In general fixing this is going to require argument promotion to know ABI requirements from the back end in the presence of target attributes. This is probably going to be a little tricky - though I'm surprised that this hasn't caused problems before now.

Right now the easiest mechanism is going to be a bit heavyweight: disable arg promotion in the face of conflicting target attributes even more extreme than the inlining code in that we don't want it to happen at all. Then each target can add ABI knowledge into how/whether we want arguments to be promoted after that.
Comment 11 Nikita Popov 2018-10-21 01:48:01 PDT
For the record, rustc now works around this problem by manually undoing argument promotion as a custom pass, see https://github.com/rust-lang/rust/pull/55073.
Comment 12 Tom Stellard 2018-10-22 11:24:58 PDT
Is anyone working on a fix for this?  If not, I will give it a try.
Comment 13 Eric Christopher 2018-10-22 14:07:24 PDT
I'm not, the advice I gave is probably how I'd go. I'm happy to look if you end up implementing it.

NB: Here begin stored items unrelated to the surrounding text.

Fixpoint words {A} (U : list A) (k : nat) : list (list A) :=
  match k with
  | 0 => [[]]
  | S k => flat_map (fun x => map (cons x) (words U k)) U
  end.

Lemma length_words {A} (U : list A) k : length (words U k) = length U ^ k.
Proof.
  induction k as [|k IH]; [reflexivity|].
  simpl words. rewrite Nat.pow_succ_r', <- IH.
  apply flat_map_constant_length. intros x _. apply length_map.
Qed.

Lemma in_words {A} (U : list A) k w :
  length w = k -> incl w U -> In w (words U k).
Proof.
  revert w; induction k as [|k IH]; intros [|x w] Hl Hw; simpl in *; try discriminate.
  - left; reflexivity.
  - apply in_flat_map. exists x. split; [apply Hw; left; reflexivity|].
    apply in_map, IH; [congruence|]. intros y Hy; apply Hw; right; exact Hy.
Qed.

Lemma NoDup_words_length_le {A} (U : list A) k (ws : list (list A)) :
  NoDup ws -> (forall w, In w ws -> length w = k /\ incl w U) ->
  length ws <= length U ^ k.
Proof.
  intros Hnd Hws. rewrite <- length_words. apply NoDup_incl_length; [exact Hnd|].
  intros w Hw. destruct (Hws w Hw). apply in_words; assumption.
Qed.

Lemma NoDup_length_le_cover {A B} (P : B -> A -> Prop) (cs : list B) K (U : list A) :
  NoDup U -> (forall v, In v U -> exists c, In c cs /\ P c v) ->
  (forall c S, In c cs -> NoDup S -> (forall v, In v S -> P c v) -> length S <= K) ->
  length U <= length cs * K.
Proof.
  revert U; induction cs as [|c cs IH]; intros U Hnd Hcov HK.
  - destruct U as [|v U]; [reflexivity|].
    destruct (Hcov v (or_introl eq_refl)) as [c [[] _]].
  - set (f := fun v => if excluded_middle_informative (P c v) then true else false).
    rewrite <- (filter_length f U). simpl.
    apply Nat.add_le_mono.
    + apply (HK c); [left; reflexivity|apply NoDup_filter, Hnd|].
      intros v Hv. apply filter_In in Hv. unfold f in Hv.
      destruct (excluded_middle_informative (P c v)); [assumption|discriminate (proj2 Hv)].
    + apply IH; [apply NoDup_filter, Hnd| |].
      * intros v Hv. apply filter_In in Hv. destruct Hv as [Hv Hf].
        destruct (Hcov v Hv) as [c' [[<-|Hc'] Hp]]; [|exists c'; auto].
        unfold f in Hf. destruct (excluded_middle_informative (P c v)); easy.
      * intros c' S Hc'. apply HK. right; exact Hc'.
Qed.

Section Walks.
Context {V : Type} {adj : V -> V -> Prop}.

Lemma walk_app (l1 : list V) x l2 :
  walk adj (l1 ++ x :: l2) <-> walk adj (l1 ++ [x]) /\ walk adj (x :: l2).
Proof.
  induction l1 as [|a [|b l1] IH]; simpl in *; [tauto|tauto|].
  rewrite IH. tauto.
Qed.

Lemma walk_rev (l : list V) :
  (forall x y, adj x y -> adj y x) -> walk adj l -> walk adj (rev l).
Proof.
  intros Hs. induction l as [|a [|b l] IH]; intros Hw; [exact I|exact I|].
  destruct Hw as [Hab Hw].
  change (rev (a :: b :: l)) with ((rev l ++ [b]) ++ [a]).
  rewrite <- app_assoc. apply walk_app.
  split; [exact (IH Hw)|]. simpl. auto.
Qed.

End Walks.

Lemma starts_nth {V} (l : list V) x : starts l x <-> nth_error l 0 = Some x.
Proof. destruct l; reflexivity. Qed.

Lemma ends_nth {V} (l : list V) y :
  ends l y <-> l <> [] /\ nth_error l (length l - 1) = Some y.
Proof.
  destruct l as [|z l] using rev_ind; [split; [discriminate|tauto]|].
  unfold ends. rewrite rev_app_distr, length_app, Nat.add_sub, nth_error_app2, Nat.sub_diag
    by lia.
  split; [|tauto]. intros Hy. split; [|exact Hy].
  intro Hc; apply app_eq_nil in Hc; destruct Hc; discriminate.
Qed.

Section Geodesics.
Context {V : Type} {d : V -> V -> nat}.

Lemma geod_nth l x y i v :
  geod_from_to d l x y -> nth_error l i = Some v ->
  d x v = i /\ d v y = length l - 1 - i /\ d x y = length l - 1 /\ i < length l.
Proof.
  intros [[_ Hg] [Hx Hy]] Hi.
  rewrite starts_nth in Hx. rewrite ends_nth in Hy. destruct Hy as [_ Hy].
  assert (i < length l) by (apply nth_error_Some; congruence).
  rewrite (Hg _ _ _ _ Hx Hi), (Hg _ _ _ _ Hi Hy), (Hg _ _ _ _ Hx Hy).
  unfold absdiff. repeat split; lia.
Qed.

Lemma geod_dist l x y : geod_from_to d l x y -> d x y = length l - 1.
Proof.
  intros Hl. assert (Hx : nth_error l 0 = Some x) by apply starts_nth, (proj1 (proj2 Hl)).
  destruct (geod_nth _ _ _ _ _ Hl Hx) as [_ [_ [Hxy _]]]. exact Hxy.
Qed.

Lemma geod_dist_start_le l x y v : geod_from_to d l x y -> In v l -> d x v <= d x y.
Proof.
  intros Hl Hv. destruct (In_nth_error _ _ Hv) as [i Hi].
  destruct (geod_nth _ _ _ _ _ Hl Hi) as [? [_ [? ?]]]. lia.
Qed.

Definition round_trip (l : list V) (x0 : V) (m : nat) : list V :=
  map (fun i => nth (m - absdiff i m) l x0) (seq 0 (S (2 * m))).

Lemma nth_error_round_trip l x0 m i :
  i <= 2 * m -> nth_error (round_trip l x0 m) i = Some (nth (m - absdiff i m) l x0).
Proof.
  intros Hi. unfold round_trip. rewrite nth_error_map, nth_error_seq.
  destruct (Nat.ltb_spec i (S (2 * m))); [reflexivity|lia].
Qed.

Lemma length_round_trip l x0 m : length (round_trip l x0 m) = S (2 * m).
Proof. unfold round_trip. rewrite length_map, length_seq. reflexivity. Qed.

Lemma round_trip_quasi_geodesic l x0 m lam :
  geodesic d l -> m < length l -> 1 <= lam -> 2 * m <= lam * lam ->
  quasi_geodesic d lam (round_trip l x0 m).
Proof.
  intros [_ Hg] Hm Hlam Hm2.
  split; [unfold round_trip; simpl; discriminate|].
  intros i j x y Hi Hj.
  pose proof (length_round_trip l x0 m).
  assert (i < length (round_trip l x0 m)) by (apply nth_error_Some; congruence).
  assert (j < length (round_trip l x0 m)) by (apply nth_error_Some; congruence).
  rewrite nth_error_round_trip in Hi, Hj by lia.
  injection Hi as <-. injection Hj as <-.
  rewrite (Hg _ _ _ _ (nth_error_nth' l (n := m - absdiff i m) x0 ltac:(unfold absdiff; lia))
                      (nth_error_nth' l (n := m - absdiff j m) x0 ltac:(unfold absdiff; lia))).
  unfold absdiff in *. split; nia.
Qed.

End Geodesics.

Section PathMetric.
Context {V : Type} {adj : V -> V -> Prop} {d : V -> V -> nat}.
Hypothesis Hd : is_path_metric adj d.

Lemma dist_walk x y :
  exists l, walk adj l /\ starts l x /\ ends l y /\ length l <= S (d x y).
Proof. apply (proj2 (proj2 Hd)), le_n. Qed.

Lemma dist_le_walk x y n l :
  walk adj l -> starts l x -> ends l y -> length l <= S n -> d x y <= n.
Proof. intros. apply (proj2 (proj2 Hd)). exists l; auto. Qed.

Lemma dist_refl x : d x x = 0.
Proof.
  enough (d x x <= 0) by lia.
  apply dist_le_walk with [x]; simpl; auto; reflexivity.
Qed.

Lemma dist_sym x y : d x y = d y x.
Proof.
  enough (H : forall x y, d y x <= d x y) by (pose proof (H x y); pose proof (H y x); lia).
  clear x y; intros x y.
  destruct (dist_walk x y) as [l [Hw [Hx [Hy Hl]]]].
  apply dist_le_walk with (rev l).
  - apply walk_rev; [apply (proj1 Hd)|exact Hw].
  - unfold starts, ends in *. exact Hy.
  - unfold starts, ends in *. rewrite rev_involutive. exact Hx.
  - rewrite length_rev. exact Hl.
Qed.

Lemma dist_triangle x y z : d x z <= d x y + d y z.
Proof.
  destruct (dist_walk x y) as [l1 [Hw1 [Hx1 [Hy1 Hl1]]]].
  destruct (dist_walk y z) as [[|y' l2] [Hw2 [Hy2 [Hz2 Hl2]]]]; [discriminate|].
  injection Hy2 as ->.
  destruct l1 as [|y1 l1] using rev_ind; [discriminate|]. clear IHl1.
  unfold ends in Hy1. rewrite rev_app_distr in Hy1. injection Hy1 as ->.
  apply dist_le_walk with (l1 ++ y :: l2).
  - apply walk_app. auto.
  - destruct l1; exact Hx1.
  - unfold ends in *. rewrite rev_app_distr. destruct (rev (y :: l2)); [discriminate|exact Hz2].
  - rewrite length_app in *. simpl in *. lia.
Qed.

Lemma geod_far_point l a b u r s :
  geod_from_to d l a b -> In u l ->
  r <= d a u + s -> r <= d b u + s -> 2 * r <= d a b ->
  exists c, In c l /\ r <= d a c /\ r <= d b c /\ d u c <= s.
Proof.
  intros Hl Hu Hau Hbu Hab. destruct (In_nth_error _ _ Hu) as [i Hi].
  destruct (geod_nth _ _ _ _ _ Hl Hi) as [Hai [Hib [Hn Hil]]].
  rewrite (dist_sym b u) in Hbu.
  set (n := length l - 1) in *.
  set (p := Nat.max r (Nat.min i (n - r))).
  assert (Hp : p < length l) by lia.
  destruct (nth_error (A := V) l p) as [c|] eqn:Hc; [|apply nth_error_None in Hc; lia].
  destruct (geod_nth _ _ _ _ _ Hl Hc) as [Hac [Hcb _]].
  exists c. rewrite (dist_sym b c), (proj2 (proj1 Hl) _ _ _ _ Hi Hc).
  split; [apply nth_error_In with p; exact Hc|]. unfold absdiff, p in *. lia.
Qed.
Lemma expect_position_sq_succ t : (1 <= t)%nat ->
  expect (S t) position_sq =
  (1 + 2 * (p - q) / INR t) * expect t position_sq + (1 - r - eps) / INR t * expect t moves + eps.
Proof.
  intros Ht. assert (Hn : INR t <> 0) by (apply not_0_INR; lia).
  rewrite (expect_succ_quadratic t _ position_sq (fun h => 2 * IZR (position h)) 1) by
    (auto || (intros; unfold position_sq; simpl position; rewrite plus_IZR; ring)).
  transitivity (expect t (fun h => (1 + 2 * (p - q) / INR t) * position_sq h
                                   + (1 - r - eps) / INR t * moves h + eps)).
  - apply expect_ext. intros. unfold position_sq. field. exact Hn.
  - rewrite expect_linear, expect_one by exact Ht. ring.
Qed.

Lemma expect_closed_form (hg : p - q = (1 - eps) / 2)
  (hu : eps + r <> 0) (ha : 1 - eps - r <> 0) j :
  expect (S j) moves
    = (eps * INR (S j) + r * rising_ratio (1 - eps - r) j / (1 - eps - r)) / (eps + r)
  /\ expect (S j) position_sq = (INR (S j) - rising_ratio (1 - eps - r) j) / (eps + r).
Proof.
  induction j as [|j [Hm Hx]].
  - unfold rising_ratio. simpl rising_prod. simpl INR.
    unfold expect, moves, position_sq, lsum, first_step. cbn -[IZR]. split; field; lra.
  - assert (HS : INR (S j) <> 0) by (apply not_0_INR; lia).
    rewrite expect_moves_succ, expect_position_sq_succ, Hm, Hx, hg, rising_ratio_succ by lia.
    rewrite (S_INR (S j)). split; field; lra.
Qed.

End Walk.

Lemma exp_le x y : x <= y -> exp x <= exp y.
Proof. intros [H| ->]; [left; apply exp_increasing; exact H|right; reflexivity]. Qed.

Lemma ln_sub_bounds x y : 0 < x -> 0 < y -> (y - x) / y <= ln y - ln x <= (y - x) / x.
Proof.
  intros Hx Hy.
  assert (Hln : forall u v, 0 < u -> 0 < v -> ln v - ln u <= v / u - 1).
  { intros u v Hu Hv. pose proof (exp_ineq1_le (ln (v / u))) as H.
    rewrite exp_ln in H by (apply Rdiv_lt_0_compat; auto).
    unfold Rdiv in H |- *.
    rewrite ln_mult, ln_Rinv in H by (auto; apply Rinv_0_lt_compat; auto). lra. }
  pose proof (Hln x y Hx Hy). pose proof (Hln y x Hy Hx).
  split; [replace ((y - x) / y) with (1 - x / y) by (field; lra)|
          replace ((y - x) / x) with (y / x - 1) by (field; lra)]; lra.
Qed.

Lemma is_lim_seq_one_plus_div c : is_lim_seq (fun n => 1 + c / INR n) 1.
Proof.
  replace (Finite 1) with (Finite (1 + c * 0)) by (f_equal; ring).
  apply is_lim_seq_plus'; [apply is_lim_seq_const|].
  apply (is_lim_seq_scal_l (fun n => / INR n) c 0).
  replace (Finite 0) with (Rbar_inv p_infty) by reflexivity.
  apply is_lim_seq_inv; [apply is_lim_seq_INR|discriminate].
Qed.

Lemma is_lim_seq_INR_Rpower_neg c : c < 0 -> is_lim_seq (fun n => Rpower (INR n) c) 0.
Proof.
  intros Hc. unfold Rpower.
  apply (is_lim_comp_seq (fun y => exp (c * ln y)) INR p_infty 0).
  - eapply is_lim_comp; [apply is_lim_exp_m| |].
    + replace m_infty with (Rbar_mult c p_infty).
      * apply is_lim_scal_l, is_lim_ln_p.
      * simpl. destruct (Rle_dec 0 c); [exfalso; lra|reflexivity].
    + exists 0. easy.
  - exists 0%nat. easy.
  - apply is_lim_seq_INR.
Qed.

Comment 14 Tom Stellard 2018-10-22 21:40:10 PDT
Proposed Fix: https://reviews.llvm.org/D53554
Comment 15 Ben Striegel 2018-10-24 13:08:50 PDT
For those following along with the rustc side of things, Nikita's prior comment is now inaccurate as #55073 has been reverted: https://github.com/rust-lang/rust/pull/55281 . The sentiment now seems to be to just wait for an LLVM fix, and it's heartening to see that a patch is already being considered.
Comment 16 Tom Stellard 2019-01-16 12:22:52 PST
A fix has been merged in r351296, can you verify that this is fixed?
Comment 17 Alex Crichton 2019-01-16 13:21:23 PST
Thanks so much for landing the fix! We're updating rust-lang/rust in https://github.com/rust-lang/rust/pull/57675 and I'll start running some tests with that once it's in-tree. In the meantime I'll go head and close this as resolved, and I'll follow-up with more issues if they crop up, but I suspect we should be good to go!